2. The ultra fine grain steel having a nitride layer as claimed in claim 1, wherein grain growth at a time of nitrifying is suppressed by precipitation of carbide or addition of a solid solute element or both of them.

3. The ultra fine grain steel having a nitride layer as claimed in claim 1, wherein the amount of C is 0.01 mass % or more.

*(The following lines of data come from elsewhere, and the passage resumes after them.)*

Lemma mon_nat_whiskR (B C : MonCatData) (D : MonCat) (F G : MFData C D) (K : MFData B C) a :
  is_mon_nat F G a -> is_mon_nat (mf_comp F K) (mf_comp G K) (fun X => a (fobj K X)).
Proof.
  intros [a1 [a2 a3]]. split; [|split]; simpl.
  - intros X Y f. apply a1.
  - intros X Y. rewrite <- compA, a1, compA, a2, compA. reflexivity.
  - rewrite <- compA, a1, compA, a3. reflexivity.
Qed.
Lemma mon_iso_whiskR (B C : MonCatData) (D : MonCat) (F G : MFData C D) (K : MFData B C) a :
  is_mon_iso F G a -> is_mon_iso (mf_comp F K) (mf_comp G K) (fun X => a (fobj K X)).
Proof. intros [h i]. split; [apply mon_nat_whiskR, h | intros; apply i]. Qed.

Lemma mon_nat_whiskL (B : MonCatData) (C D : MonCat) (F G : MFData B C) (L : MFData C D) a :
  is_monoidal_functor L ->
  is_mon_nat F G a -> is_mon_nat (mf_comp L F) (mf_comp L G) (fun X => fhom L (a X)).
Proof.
  intros hL [a1 [a2 a3]]. split; [|split]; simpl.
  - intros X Y f. rewrite <- !(fhom_comp hL), a1. reflexivity.
  - intros X Y. rewrite <- compA, <- (fhom_comp hL), a2, (fhom_comp hL), compA.
    rewrite <- (ftil_natural hL), compA. reflexivity.
  - rewrite <- compA, <- (fhom_comp hL), a3. reflexivity.
Qed.
Lemma mon_iso_whiskL (B : MonCatData) (C D : MonCat) (F G : MFData B C) (L : MFData C D) a :
  is_monoidal_functor L ->
  is_mon_iso F G a -> is_mon_iso (mf_comp L F) (mf_comp L G) (fun X => fhom L (a X)).
Proof. intros hL [h i]. split; [apply mon_nat_whiskL; auto | intros; apply is_iso_fhom; auto]. Qed.

Lemma mon_iso_extL (C : MonCatData) (D : MonCat) (F G : MFData C D) a ft fh :
  (forall X Y, ft X Y = ftil F X Y) -> fh = fhat F -> is_mon_iso F G a ->
  is_mon_iso (@Build_MFData C D (fobj F) (@fhom _ _ F) ft fh) G a.
Proof.
  intros e1 e2 [[a1 [a2 a3]] i]. split; [split; [|split]|]; simpl; auto.
  - intros X Y. rewrite e1. apply a2.
  - rewrite e2. apply a3.
Qed.
Lemma mon_iso_extR (C : MonCatData) (D : MonCat) (F G : MFData C D) a ft fh :
  (forall X Y, ft X Y = ftil G X Y) -> fh = fhat G -> is_mon_iso F G a ->
  is_mon_iso F (@Build_MFData C D (fobj G) (@fhom _ _ G) ft fh) a.
Proof.
  intros e1 e2 [[a1 [a2 a3]] i]. split; [split; [|split]|]; simpl; auto.
  - intros X Y. rewrite e1. apply a2.
  - rewrite e2. apply a3.
Qed.

Section FactorSetFacts.
Variables (Γ : Group) (C : MonCat) (fs : FactorSet Γ C).
Local Notation F := (fsF fs).

Lemma θ_unitl s (A : C) : fsθ fs gone s A ≅ idm (fobj (F s) A).
Proof. eexists; eexists. apply (fs_unitl (fs_ax fs)). Qed.
Lemma θ_unitr s (A : C) : fsθ fs s gone A ≅ idm (fobj (F s) A).
Proof. eexists; eexists. apply (fs_unitr (fs_ax fs)). Qed.
Lemma θi_unitl s (A : C) : fsθi fs gone s A ≅ idm (fobj (F s) A).
Proof. apply (heq_inv (θ_unitl s A)); [apply (fs_inv (fs_ax fs)) | apply id_comp]. Qed.
Lemma θi_unitr s (A : C) : fsθi fs s gone A ≅ idm (fobj (F s) A).
Proof. apply (heq_inv (θ_unitr s A)); [apply (fs_inv (fs_ax fs)) | apply id_comp]. Qed.
Lemma θ_cocycle s t g (A : C) :
  fsθ fs s (gmul t g) A ∘ fhom (F s) (fsθ fs t g A)
  ≅ fsθ fs (gmul s t) g A ∘ fsθ fs s t (fobj (F g) A).
Proof. apply heq_sym. rewrite (fs_cocycle (fs_ax fs)). apply heq_cast. Qed.
Lemma θ_nat s t (A B : C) (f : hom A B) :
  fhom (F (gmul s t)) f ∘ fsθ fs s t A = fsθ fs s t B ∘ fhom (F s) (fhom (F t) f).
Proof. apply (proj1 (proj1 (fs_iso (fs_ax fs) s t))). Qed.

4. The ultra fine grain steel having a nitride layer as claimed in claim 1, wherein at least one element selected from a group consisting of Mn, Cr, Mo, Ti, Nb, V and P is added.

5. The ultra fine grain steel having a nitride layer as claimed in claim 4, wherein the amount of Mn is 0.4 mass % or more.

6. The ultra fine grain steel having a nitride layer as claimed in claim 4, wherein the amount of P is 0.035 mass % or more.

7. The ultra fine grain steel having a nitride layer as claimed in claim 4, wherein the steel is a carbon steel and the total amount of Cr, Mo, Ti, Nb, and V is 0.1 mass % or less.

8. The ultra fine grain steel having a nitride layer as claimed in claim 1, wherein a fatigue limit is 1.6 times larger than Vickers hardness of a base material.

9. A molded part, a part, or a member which is formed from the ultra fine grain steel having a nitride layer as claimed in claim 1.